What I have discovered is that companies thrive on consumer data. They need it to re-market and sell products and services to the end-user. Digital marketing has given us tons of data, which has been supplied by the consumer themselves through their online and possibly offline activities. It could be the things they like, follow and bookmark or their browsing history and purchases.

Data sales is a big commodity. It’s trade and industry. It’s the currency to with which marketing thrives. Businesses in the game of data capturing (almost every single business has a database) re-purpose this data into selling points like advertising on their platform. Google is just a website. Nothing more, nothing less. They just have enough data to sell it to other businesses.

“Advertise on our platform and reach customers from all over the world- and you can be specific.” That’s an attractive selling point.

From a consumer(user) perspective, why don’t we control the data we provide? Well, we’ve been disillusioned in providing life data to businesses for free — in return for social recognition and awareness.

It’s a simple process. Provide data to your friends and family, the platform captures, repackages and sells access to you based on the data.

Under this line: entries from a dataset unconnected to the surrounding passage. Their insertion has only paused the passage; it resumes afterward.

(* Let $Y^*\in\mathcal L^1(\mathcal Q)$ and let the range $\{\mu_{\mathcal Q}(A)\mid A\in\mathcal F\}$ be relatively compact in $(l^\infty(\mathcal Q),\|\cdot\|_\infty)$. If $\rho_{\mathcal Q}(Y^*\mathbb 1_{\{Y^*>a\}})\to0$ as $a\to\infty$, then $\rho_{\mathcal Q}$ is continuous from above at $0$.
   Context: Let $(\Omega,\mathcal F,\mathrm P)$ be a probability space (equipped with a filtration $(\mathcal F_t)_{0\le t\le T}$, $\mathcal F=\mathcal F_T$). $\mathcal Q$ is a nonempty set of probability measures on $\mathcal F$, each absolutely continuous w.r.t. $\mathrm P$. $\mathcal L^1(\mathcal Q)$ is the set of random variables $X$ with $\sup_{\mathrm Q\in\mathcal Q}\mathbb E_{\mathrm Q}[|X|]<\infty$. $Y=(Y_t)_{0\le t\le T}$ is a right-continuous adapted process with bounded paths and $Y^*:=\sup_{t\in[0,T]}|Y_t|$. $\mathcal X$ is the set of random variables $X$ with $|X|\le C(Y^*+1)$ $\mathrm P$-a.s. for some $C>0$; $\rho_{\mathcal Q}(X)=\sup_{\mathrm Q\in\mathcal Q}\mathbb E_{\mathrm Q}[X]$ for $X\in\mathcal X$; $\rho_{\mathcal Q}$ is continuous from above at $0$ if $\rho_{\mathcal Q}(X_n)\searrow0$ whenever $X_n\in\mathcal X$, $X_n\searrow0$ $\mathrm P$-a.s. $l^\infty(\mathcal Q)$ is the space of bounded real functions on $\mathcal Q$ with sup-norm, and $\mu_{\mathcal Q}(A)(\mathrm Q)=\mathrm Q(A)$ for $A\in\mathcal F$. *)

From HB Require Import structures.
From mathcomp Require Import all_boot all_order all_algebra.
From mathcomp Require Import all_classical all_reals all_analysis.
Set Implicit Arguments. Unset Strict Implicit. Unset Printing Implicit Defensive.
Import Order.TTheory GRing.Theory Num.Theory.
Import numFieldNormedType.Exports.
Local Open Scope classical_set_scope.
Local Open Scope ring_scope.
Lemma a2_even n : (0 < logn 2 n)%N -> a2 n = 1 - 3 / 2 * v2 n.
Proof.
move=> Hn; rewrite /a2 /W2 /v2 ifF; last lia.
have H2 : 0 < 2 ^ logn 2 n by apply: pow_lt; lra.
rewrite !pow_add /=; field; lra.
Qed.

Lemma V2_double j : V2 (2 * j) = INR j + V2 j / 2.
Proof.
elim: j => [|j IH]; first by rewrite /V2 /=; lra.
have E : (2 * j.+1 = (2 * j).+2)%N by lia.
rewrite /V2 E !sumR_S -/(V2 (2 * j)) IH -/(V2 j) -E v2_odd v2_double // S_INR; lra.
Qed.

Lemma V2_bound y : Rabs (V2 y - 2 * INR y / 3) <= 2 / 3.
Proof.
elim/ltn_ind: y => y IH; apply/Rabs_le_iff.
have [j [Ey|Ey]] : exists j, y = (2 * j)%N \/ y = (2 * j).+1 by exists (y %/ 2)%N; lia.
all: subst y.
- case: (posnP j) => [->|Hj]; first by rewrite /V2 /=; lra.
  move/Rabs_le_iff: (IH j ltac:(lia)) => HV.
  rewrite V2_double mult_INR /=; lra.
- move/Rabs_le_iff: (IH j ltac:(lia)) => HV.
  rewrite /V2 sumR_S -/(V2 (2 * j)) v2_odd V2_double S_INR mult_INR /=; lra.
Qed.

Lemma A2_double j : A2 (2 * j) = 3 / 2 * INR j - 3 / 4 * V2 j.
Proof.
elim: j => [|j IH]; first by rewrite /A2 /V2 /=; lra.
have E : (2 * j.+1 = (2 * j).+2)%N by lia.
rewrite /A2 E !sumR_S -/(A2 (2 * j)) IH /V2 sumR_S -/(V2 j) -E.
by rewrite a2_odd a2_even ?logn2_double // v2_double // S_INR; lra.
Qed.

Lemma A2_bound y : Rabs (A2 y - INR y / 2) <= / 2.
Proof.
have [j [Ey|Ey]] : exists j, y = (2 * j)%N \/ y = (2 * j).+1 by exists (y %/ 2)%N; lia.
all: subst y; apply/Rabs_le_iff; move/Rabs_le_iff: (V2_bound j) => HV.
- rewrite A2_double mult_INR /=; lra.
- rewrite /A2 sumR_S -/(A2 (2 * j)) a2_odd A2_double S_INR mult_INR /=; lra.
Qed.

(** * Partial sums of T: sum_{h <= x} T_h = (x/2) Z2(x) + O(log x) *)

Lemma geo_closed r m : r <> 1 -> geo r m = (1 - r ^ m.+1) / (1 - r).
Proof.
move=> Hr; have Hr' : 1 - r <> 0 by lra.
elim: m => [|m IH]; first by rewrite /geo /=; field.
rewrite /geo sumR_S -/(geo r m) IH subn1 /=; field; exact: Hr'.
Qed.

Lemma Tser_divisor_sum h : (0 < h)%N -> Tser h = a2 h * divisor_sum 1 h.
Proof.
move=> Hh; rewrite -euler_prod_eq // /Tser /a2 /euler_prod; congr (_ * _).
apply: prodR_ext => p _; rewrite /euler_factor.
case: (boolP [&& prime p, (p %% 4 == 3)%N & (p %| h)%N]) => // /and3P[Hp _ _].
have HpR : 1 < INR p by apply: (lt_INR 1); have := prime_gt1 Hp; lia.
have Hr1 : / INR p <> 1 by move=> E; have := Rinv_inv (INR p); rewrite E Rinv_1; lra.
by rewrite geo_closed /invpow pow_1 ?addn1 ?pow_inv.
Qed.

(* Z2(x) = sum_{d <= x, d in Q} d^-2, a partial sum of the Euler product for beta^2. *)
Definition Z2 (x : nat) : R := sumR x (fun d => if only3mod4 d then invpow 2 d else 0).

Definition Harm (x : nat) : R := sumR x (fun d => / INR d).

(* 2 W_2 only sees the 2-part, and elements of Q are odd. *)
Lemma a2_mul_only3mod4 d e : only3mod4 d -> (0 < d)%N -> (0 < e)%N -> a2 (e * d) = a2 e.
Proof.
move=> HQ Hd He; have Hodd : logn 2 d = 0%N.
  apply: logn_coprime; rewrite prime_coprime //; apply/negP => H2.
  by have := @only3mod4_prime_dvd d 2 HQ Hd isT H2.
by rewrite /a2 /W2 lognM // Hodd addn0.
Qed.

(* Expanding T_h as a divisor sum and swapping the sums. *)
Lemma Tsum_expand x :
  sumR x Tser = sumR x (fun d => if only3mod4 d then invpow 1 d * A2 (x %/ d) else 0).
Proof.
rewrite (sumR_ext (g := fun h => sumR x (fun d =>
           if (d %| h)%N && only3mod4 d then a2 h * invpow 1 d else 0))); last first.
  move=> h Hh; rewrite Tser_divisor_sum ?(andP Hh).1 // /divisor_sum -sumR_scal.
  rewrite (@sumR_trunc h x); first last.
  - move=> d Hd; case: (boolP (d %| h)%N) => Hdh /=; last lra.
    by have := dvdn_leq (ltac:(lia) : (0 < h)%N) Hdh; lia.
  - lia.
  - by apply: sumR_ext => d Hd; rewrite /divisor_term; case: ifP => _; lra.
rewrite sumR_swap; apply: sumR_ext => d Hd.
case: (boolP (only3mod4 d)) => HQ; last first.
  by rewrite (sumR_ext (g := fun _ => 0)) ?sumR_0 // => h _; rewrite andbF.
set G := fun e => invpow 1 d * a2 e.
rewrite -sumR_scal -(@sumR_multiples x d G) ?(andP Hd).1 //; apply: sumR_ext => h Hh.
rewrite andbT /G; case: (boolP (d %| h)%N) => Hdh //.
rewrite Rmult_comm -{1}(divnK Hdh) a2_mul_only3mod4 // ?(andP Hd).1 //.
by rewrite divn_gt0 ?(andP Hd).1 // dvdn_leq ?(andP Hh).1.
Qed.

The question then becomes; why not provide legitimate businesses your data, when you need a product? I have been testing this through various platforms, namely Google, Facebook and Twitter Ad Network.

I have been doing a lot of e-commerce, travel research and product buying and I have noticed how advertising CAN be beneficial if curated — just with any other information stream available.

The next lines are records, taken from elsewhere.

(* |v C_p^4|^2 <= (mu + 1) |v|^2: the Gram bound with the tail, whose cross
   term is handled by Cauchy-Schwarz (top_eig mu 1 mu = mu + 1) *)
Lemma pow4_bound (v : 'rV[C]_n) :
  sqnorm n (row_seq (v *m Cp ^+ 4)) <=
  (top_eig (delta1 n a) (delta n a) (delta2 n a) + 1) * sqnorm n (row_seq v).
Proof.
pose x i := row_seq v i.
pose u k := (x 0 * first_row 4 k + x 1 * first_row 3 k) +
            (x 2 * first_row 2 k + x 3 * first_row 1 k).
pose s k := row_seq v (k + 4).
have -> : sqnorm n (row_seq (v *m Cp ^+ 4)) = sqnorm n (fun k => u k + s k).
  apply: eq_big_nat => k /andP [_ kn].
  rewrite row_seq_mul_pow // big_ltn // big_ltn // big_ltn // big_ltn // big_geq //.
  by rewrite addr0 /u !addrA.
rewrite (sqnorm_row_split v 4) big_ltn // big_ltn // big_ltn // big_ltn // big_geq //.
rewrite addr0 (addrA (`|x 0| ^+ 2)) -/(x _).
set mu := top_eig _ _ _.
have mu_ge0 : 0 <= mu by rewrite top_eig_ge0 ?delta1_ge0 ?delta_ge0 ?delta2_ge0.
have le_u : sqnorm n u <= mu * ((`|x 0| ^+ 2 + `|x 1| ^+ 2) + (`|x 2| ^+ 2 + `|x 3| ^+ 2)).
  exact: head4_bound.
rewrite -(top_eig_unit mu_ge0); apply: sqnorm_add_le => //.
- by rewrite !addr_ge0 ?exprn_ge0.
- exact: sqnorm_ge0.
- by rewrite mul1r.
apply: le_trans (cauchy_schwarz n u s) _.
by rewrite ler_wpM2r ?sqnorm_ge0.
Qed.

End CompanionPowers.

Theorem mainTheorem12 (C : numClosedFieldType) (n : nat) (a : nat -> C) :
  (2 <= n)%N -> a 1%N != 0 ->
  spectral_radius_le (companion n a) (bound12 n a).
Proof.
case: n => [|[|m]] // _ _ l /eigenvalueP [v eig_v v_neq0].
have v_pos := sqnorm_row_gt0 v_neq0.
have L2 : `|l| ^+ 4 <= top_eig (delta m.+2 a) 1 (delta' m.+2 a).
  by have := pow2_bound a v; rewrite (sqnorm_row_eigen _ eig_v) ler_pM2r // -exprM.
set mu := top_eig (delta1 m.+2 a) (delta m.+2 a) (delta2 m.+2 a).
have L4 : `|l| ^+ 4 <= sqrtC (mu + 1).
  apply: le_rootC_of_expr; rewrite ?exprn_ge0 // -exprM.
  by have := pow4_bound a v; rewrite (sqnorm_row_eigen _ eig_v) ler_pM2r // -exprM.
(* |l|^4 is below the convex combination (1/4, 3/4) of the two bounds *)
apply: le_rootC_of_expr => //.
have split4 : `|l| ^+ 4 = 4^-1 * `|l| ^+ 4 + 3 / 4 * `|l| ^+ 4 by field.
rewrite split4; apply: lerD; rewrite ler_wpM2l ?mulr_ge0 ?invr_ge0 ?ler0n //.
by move: L2; rewrite /top_eig mulrC.
Qed.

Re-marketing is a tool that captures user data through a certain funnels and re-markets information back to that user somewhere else on the Internet.

An example would be when you add a product to a basket, but then don’t checkout the basket. The product would appear elsewhere, as an advert, at the same price or possibly at a discounted price too.

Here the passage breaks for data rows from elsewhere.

(* Let $n_0$ be a positive integer and let $X,Y$ be complex linear spaces. A mapping $f:X\to Y$ satisfies $$f(2\mu x+\mu y)+f(\mu x+2\mu y)=\mu[f(3x)+f(3y)]$$ for all $x,y\in X$ and all $\mu\in\mathbb{T}^1_{n_0}$ if and only if $f$ is $\mathbb{C}$-linear.
   Context: $\mathbb{T}^1_{n_0}:=\{e^{i\theta}: 0\le\theta\le 2\pi/n_0\}$. *)

From HB Require Import structures.
From mathcomp Require Import all_boot all_order all_algebra.
From mathcomp Require Import reals trigo.
From mathcomp Require Import complex.
Set Implicit Arguments. Unset Strict Implicit. Unset Printing Implicit Defensive.
Import Order.TTheory GRing.Theory Num.Theory.
Local Open Scope ring_scope.

Definition expi (R : realType) (theta : R) : R[i] := Complex (cos theta) (sin theta).

Definition inT1 (R : realType) (n0 : nat) (mu : R[i]) : Prop :=
  exists theta : R, [/\ 0 <= theta, theta <= 2 * pi / n0%:R & mu = expi theta].

From HB Require Import structures.
From mathcomp Require Import all_boot all_order all_algebra.
From mathcomp Require Import reals trigo complex.
From mathcomp Require Import ring lra.
Import Order.TTheory GRing.Theory Num.Theory.
Local Open Scope ring_scope.

(* Taking mu = 1 and changing variables to u = 2x + y, v = x + 2y, the equation
   reads f u + f v = f (2u - v) + f (2v - u); applied at the midpoint and the two
   quarter points of a segment it gives Jensen's equation, hence additivity once
   f 0 = 0, which follows from x = y = 0 and any mu <> 1.  For an additive f the
   scalars a with f (a x) = a f x form a subfield of C.  Taking y = 0 puts every
   mu of the arc in it, hence cos theta = (mu^2 + 1) / (2 mu) for mu = e^{i theta}
   with small theta, hence a whole real interval [cos alpha, 1], hence all reals
   (archimedean property), hence i = (e^{i alpha} - cos alpha) / sin alpha and
   finally all of C. *)

Section ScalableAt.
Context {K : fieldType} {X Y : lmodType K} {f : X -> Y}.
Hypothesis fD : forall u v, f (u + v) = f u + f v.

Lemma additive_f0 : f 0 = 0.
Proof. by apply: (addrI (f 0)); rewrite -fD !addr0. Qed.

Lemma additive_fN u : f (- u) = - f u.
Proof. by apply/eqP; rewrite -subr_eq0 opprK -fD addNr additive_f0. Qed.

Definition scalable_at (a : K) := forall x, f (a *: x) = a *: f x.

Lemma scalable_atD a b : scalable_at a -> scalable_at b -> scalable_at (a + b).
Proof. by move=> ha hb x; rewrite !scalerDl fD ha hb. Qed.

Lemma scalable_atB a b : scalable_at a -> scalable_at b -> scalable_at (a - b).
Proof. by move=> ha hb x; rewrite !scalerBl fD additive_fN ha hb. Qed.

Lemma scalable_atM a b : scalable_at a -> scalable_at b -> scalable_at (a * b).
Proof. by move=> ha hb x; rewrite -!scalerA ha hb. Qed.

Lemma scalable_atV a : scalable_at a -> scalable_at a^-1.
Proof.
move=> ha x; have [->|a0] := eqVneq a 0; first by rewrite invr0 !scale0r additive_f0.
by rewrite -{2}[x](scalerKV a0) ha scalerK.
Qed.

Lemma scalable_at_div a b : scalable_at a -> scalable_at b -> scalable_at (a / b).
Proof. by move=> ha hb; apply: scalable_atM => //; apply: scalable_atV. Qed.

Lemma scalable_at_nat n : scalable_at n%:R.
Proof.
elim: n => [|n IHn] x; first by rewrite !scale0r additive_f0.
by rewrite -addn1 natrD !scalerDl fD IHn !scale1r.
Qed.

End ScalableAt.
Arguments scalable_at {K X Y} f a.

Section Additivity.
Context {K : numFieldType} {X Y : lmodType K} {f : X -> Y}.
Hypothesis f_eq : forall x y : X, f (2 *: x + y) + f (x + 2 *: y) = f (3 *: x) + f (3 *: y).

Definition comb (x y : X) (a b : K) : X := a *: x + b *: y.

Lemma combD x y a b c d : comb x y a b + comb x y c d = comb x y (a + c) (b + d).
Proof. by rewrite /comb !scalerDl addrACA. Qed.

Lemma combZ x y k a b : k *: comb x y a b = comb x y (k * a) (k * b).
Proof. by rewrite /comb scalerDr !scalerA. Qed.

Lemma reflection_comb x y a b c d a' b' c' d' :
  a' = 2 * a - c -> b' = 2 * b - d -> c' = 2 * c - a -> d' = 2 * d - b ->
  f (comb x y a b) + f (comb x y c d) = f (comb x y a' b') + f (comb x y c' d').
Proof.
move=> -> -> -> ->.
set u := comb x y ((2 * a - c) / 3) ((2 * b - d) / 3).
set v := comb x y ((2 * c - a) / 3) ((2 * d - b) / 3).
apply: etrans (etrans _ (f_eq u v)) _.
  by rewrite !combZ !combD; congr (f (comb _ _ _ _) + f (comb _ _ _ _)); field.
by rewrite !combZ; congr (f (comb _ _ _ _) + f (comb _ _ _ _)); field.
Qed.

Lemma jensen_comb x y a b c d :
  f (comb x y a b) + f (comb x y c d) = 2 *: f (comb x y ((a + c) / 2) ((b + d) / 2)).
Proof.
set m := comb x y ((a + c) / 2) ((b + d) / 2).
set p := comb x y ((3 * a + c) / 4) ((3 * b + d) / 4).
set q := comb x y ((a + 3 * c) / 4) ((b + 3 * d) / 4).
have e1 : f m + f p = f q + f (comb x y a b) by apply: reflection_comb; field.
have e2 : f m + f q = f p + f (comb x y c d) by apply: reflection_comb; field.
apply: (addrI (f p + f q)).
rewrite scaler_nat mulr2n [RHS]addrACA [f p + f m]addrC [f q + f m]addrC e1 e2.
by rewrite [RHS]addrACA [f q + f p]addrC.
Qed.

Lemma additive_of_f_eq : f 0 = 0 -> forall x y, f (x + y) = f x + f y.
Proof.
move=> f0 x y.
have := jensen_comb x y 1 0 0 1; have := jensen_comb x y 1 1 0 0.
rewrite /comb !addr0 !add0r !scale1r !scale0r !addr0 !add0r f0 addr0 => -> //.
Qed.

End Additivity.

Lemma interval_subring_full (R : archiRealFieldType) (P : R -> Prop) (c : R) :
  c < 1 -> (forall t, c <= t <= 1 -> P t) -> (forall n, P n%:R) ->
  (forall a b, P a -> P b -> P (a - b)) -> (forall a b, P a -> P b -> P (a * b)) ->
  forall r, P r.
Proof.
move=> c_lt1 Pint Pnat PB PM.
suff Ple1 r : r <= 1 -> P r.
  move=> r; have [/Ple1 //|r_gt1] := lerP r 1.
  by rewrite -(subKr 2%:R r); apply: PB (Pnat 2) (Ple1 _ _); lra.
move=> r_le1.
have k_ge0 : 0 <= (1 - r) / (1 - c) by apply: divr_ge0; lra.
have := archi_boundP k_ge0; set n := Num.Def.archi_bound _ => k_lt_n.
have n_gt0 : 0 < n%:R :> R by apply: le_lt_trans k_lt_n.
set t := 1 - (1 - r) / n%:R.
have t_le1 : t <= 1 by rewrite /t gerBl; apply: divr_ge0 => //; lra.
have c_le_t : c <= t.
  have : (1 - r) / n%:R <= 1 - c.
    by rewrite ler_pdivrMr // mulrC -ler_pdivrMr ?ltW //; lra.
  rewrite /t; lra.
have -> : r = 1 - n%:R * (1 - t) by rewrite /t; field; rewrite gt_eqF.
by apply: PB (Pnat 1) (PM _ _ (Pnat n) (PB _ _ (Pnat 1) (Pint t _))); rewrite c_le_t.
Qed.

Section ArcScalars.
Local Open Scope complex_scope.
Variables (R : realType) (n0 : nat).
Hypothesis n0_gt0 : (0 < n0)%N.

(* A point of the arc whose angle is small enough for sin alpha > 0 and for cos
   to be injective on [0, alpha]; 2 pi / n0 itself fails both when n0 <= 2. *)
Let alpha : R := pi / 2 / n0%:R.

Let alpha_gt0 : 0 < alpha.
Proof. by rewrite !divr_gt0 ?ltr0n ?pi_gt0. Qed.

Let alpha_lt_pi : alpha < pi.
Proof.
have pi_gt0 := pi_gt0 R; rewrite /alpha ltr_pdivrMr ?ltr0n //.
by rewrite (@lt_le_trans _ _ pi) ?ler_peMr ?ler1n //; lra.
Qed.

Lemma inT1_expi {th : R} : 0 <= th -> th <= alpha -> inT1 n0 (expi th).
Proof.
move=> th_ge0 th_le; exists th; split => //; apply: le_trans th_le _.
by rewrite ler_pM2r ?invr_gt0 ?ltr0n //; have := pi_gt0 R; lra.
Qed.

Lemma expi0 : expi (0 : R) = 1.
Proof. by rewrite /expi cos0 sin0. Qed.

Lemma expi_sqrD1 (th : R) : expi th ^+ 2 + 1 = (2 * cos th)%:C * expi th.
Proof.
apply/eqP; rewrite /expi expr2 eq_complex /=.
by have := cos2Dsin2 th => ?; apply/andP; split; apply/eqP; nra.
Qed.

Lemma sin_alpha_gt0 : 0 < sin alpha.
Proof. by apply: sin_gt0_pi; rewrite alpha_gt0 alpha_lt_pi. Qed.

Lemma expi_alpha_neq1 : expi alpha != 1.
Proof.
apply: contra_neq (lt0r_neq0 sin_alpha_gt0); by move=> /(congr1 (@complex.Im R)).
Qed.

Lemma cos_arc_onto t : cos alpha <= t <= 1 -> exists2 th, 0 <= th <= alpha & cos th = t.
Proof.
move=> /andP[cos_le_t t_le1].
have t_in : -1 <= t <= 1 by rewrite t_le1 (le_trans (cos_geN1 _) cos_le_t).
exists (acos t); last exact: acosK.
rewrite acos_ge0 //= leNgt; apply/negP => lt_acos.
have := ltr_cos (x := alpha) (y := acos t); rewrite !in_itv /= lt_acos acosK //.
rewrite (ltW alpha_gt0) (ltW alpha_lt_pi) acos_ge0 ?acos_lepi //.
by move=> /(_ isT isT); rewrite ltNge cos_le_t.
Qed.

Variables (X Y : lmodType R[i]) (f : X -> Y).
Hypothesis f_eq : forall (x y : X) (mu : R[i]), inT1 n0 mu ->
  f ((2 * mu) *: x + mu *: y) + f (mu *: x + (2 * mu) *: y)
  = mu *: (f (3 *: x) + f (3 *: y)).

Lemma f_eq_at1 x y : f (2 *: x + y) + f (x + 2 *: y) = f (3 *: x) + f (3 *: y).
Proof.
have := f_eq x y _ (inT1_expi (lexx 0) (ltW alpha_gt0)).
by rewrite expi0 mulr1 !scale1r.
Qed.

Lemma f_eq_f0 : f 0 = 0.
Proof.
have := f_eq 0 0 _ (inT1_expi (ltW alpha_gt0) (lexx _)).
rewrite !scaler0 !addr0 => /eqP.
rewrite -subr_eq0 -{1}[f 0 + f 0]scale1r -scalerBl scaler_eq0 subr_eq0.
by rewrite eq_sym (negbTE expi_alpha_neq1) -mulr2n -scaler_nat scaler_eq0 pnatr_eq0 => /eqP.
Qed.

Let fD : forall u v, f (u + v) = f u + f v := additive_of_f_eq f_eq_at1 f_eq_f0.

Lemma scalable_at_inT1 mu : inT1 n0 mu -> scalable_at f mu.
Proof.
move=> T1mu x; apply: (@scalerI _ _ (3%:R : R[i])); first by rewrite pnatr_eq0.
have := f_eq x 0 _ T1mu; rewrite !scaler0 !addr0 f_eq_f0 addr0 -scalerA.
rewrite (scalable_at_nat fD 2) (scalable_at_nat fD 3) -{2}[f (mu *: x)]scale1r -scalerDl natr1.
by rewrite scalerA mulrC -scalerA => <-.
Qed.

Lemma scalable_at_cos th : 0 <= th -> th <= alpha -> scalable_at f (cos th)%:C.
Proof.
move=> th_ge0 th_le; have T1mu := scalable_at_inT1 _ (inT1_expi th_ge0 th_le).
have expi_neq0 : expi th != 0.
  apply/eqP => expi_eq0; have := expi_sqrD1 th.
  by rewrite expi_eq0 mulr0 expr0n add0r => /eqP; rewrite oner_eq0.
have -> : (cos th)%:C = (expi th ^+ 2 + 1) / expi th / 2.
  by rewrite expi_sqrD1 (mulfK expi_neq0) rmorphM rmorph_nat mulrC mulKf ?pnatr_eq0.
have sq : scalable_at f (expi th ^+ 2) by rewrite expr2; exact: scalable_atM.
apply: scalable_at_div fD _ _ (scalable_at_div fD _ _ _ T1mu) (scalable_at_nat fD 2).
exact: scalable_atD fD _ _ sq (scalable_at_nat fD 1).
Qed.

Lemma scalable_at_real r : scalable_at f r%:C.
Proof.
apply: (@interval_subring_full _ (fun r => scalable_at f r%:C) (cos alpha)).
- rewrite -cos0 ltr_cos ?in_itv /= ?lexx ?pi_ge0 ?alpha_gt0 //.
  by rewrite (ltW alpha_gt0) (ltW alpha_lt_pi).
- by move=> t /cos_arc_onto[th /andP[th_ge0 th_le] <-]; exact: scalable_at_cos.
- by move=> n; rewrite rmorph_nat; apply: scalable_at_nat.
- by move=> a b ha hb; rewrite rmorphB; exact: scalable_atB fD _ _ ha hb.
- by move=> a b ha hb; rewrite rmorphM; apply: scalable_atM.
Qed.

Lemma scalable_at_i : scalable_at f 'i%C.
Proof.
have -> : 'i%C = (expi alpha - (cos alpha)%:C) / (sin alpha)%:C.
  rewrite /expi [Complex (cos _) _]complexE /= addrC addKr mulfK //.
  by rewrite fmorph_eq0 lt0r_neq0 ?sin_alpha_gt0.
apply: scalable_at_div fD _ _ _ (scalable_at_real _).
apply: scalable_atB fD _ _ _ (scalable_at_real _).
exact/scalable_at_inT1/inT1_expi/lexx/ltW.
Qed.

Lemma linear_of_f_eq : linear f.
Proof.
move=> a u v; rewrite fD (complexE a); congr (_ + _).
exact: scalable_atD fD _ _ (scalable_at_real _) (scalable_atM _ _ scalable_at_i (scalable_at_real _)) u.
Qed.

End ArcScalars.

Lemma f_eq_of_linear (K : comNzRingType) (X Y : lmodType K) (f : X -> Y) :
  linear f -> forall (x y : X) (mu : K),
  f ((2 * mu) *: x + mu *: y) + f (mu *: x + (2 * mu) *: y)
  = mu *: (f (3 *: x) + f (3 *: y)).
Proof.
move=> lin_f x y mu.
have f0 : f 0 = 0.
  have f00 := lin_f 1 0 0; rewrite !scale1r addr0 in f00.
  by apply: (addrI (f 0)); rewrite addr0 -f00.
have fD u v : f (u + v) = f u + f v by rewrite -{1}[u]scale1r lin_f scale1r.
have fZ a u : f (a *: u) = a *: f u by rewrite -[a *: u]addr0 lin_f f0 addr0.
rewrite !fD !fZ scalerDr !scalerA addrACA -!scalerDl.
by congr (_ *: _ + _ *: _); ring.
Qed.

Theorem lemma2p9 (R : realType) (n0 : nat) (hn0 : (0 < n0)%N)
    (X Y : lmodType R[i]) (f : X -> Y) :
  (forall (x y : X) (mu : R[i]), inT1 n0 mu ->
     f ((2 * mu) *: x + mu *: y) + f (mu *: x + (2 * mu) *: y)
     = mu *: (f (3 *: x) + f (3 *: y)))
  <-> linear f.
Proof.
split; first exact: linear_of_f_eq.
by move=> lin_f x y mu _; apply: f_eq_of_linear.
Qed.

This, for me, has been helpful as various companies are bidding for my sale. Certain things pertain to me, such as price, quality and availability. But that may be different for each individual.

An example may be a flight from Durban to Dubai — this data is captured, re-marketed to me through Google services amongst several different airline brands, some of which I would have never thought supplied the route — at a discounted price compared to other industry competitors.

Another example is local e-commmerce retailer Superbalist — creating the re-marketing through discounts, SMS’s and user experience. I ordered on Friday and it arrived on Monday morning at Nine.

This is great for me.

Another variant example is Guitar accessories. My search query on e-commerce giant was “Capo” — a simple, one word tag. I browsed the list, added a capo that fitted my requirements, then later removed it from the basket and then checked out the very same basket without buying the capo.

All in all, a basket sale was made — so why waste money on re-marketing to the customer again?

A re-marketed advert on a website forum (Google Re-marketing)listed 6 products (including two capo’s) at heavily discounted prices. Other attractive products included a name-brand amplifier discounted at 25%, strings, cables and pedals.

I saw several adverts (about 3 in total) which I noticed and had about a 30% inclination to buy. That’s enough really, to make me click and browse again.

The plan is simple, be strategic with your searches. Spend TIME on sites that gather this user data. Curate the information that comes to you, and use the competitive bidding that marketers use to your benefit.

Get the best deal and get it shipped.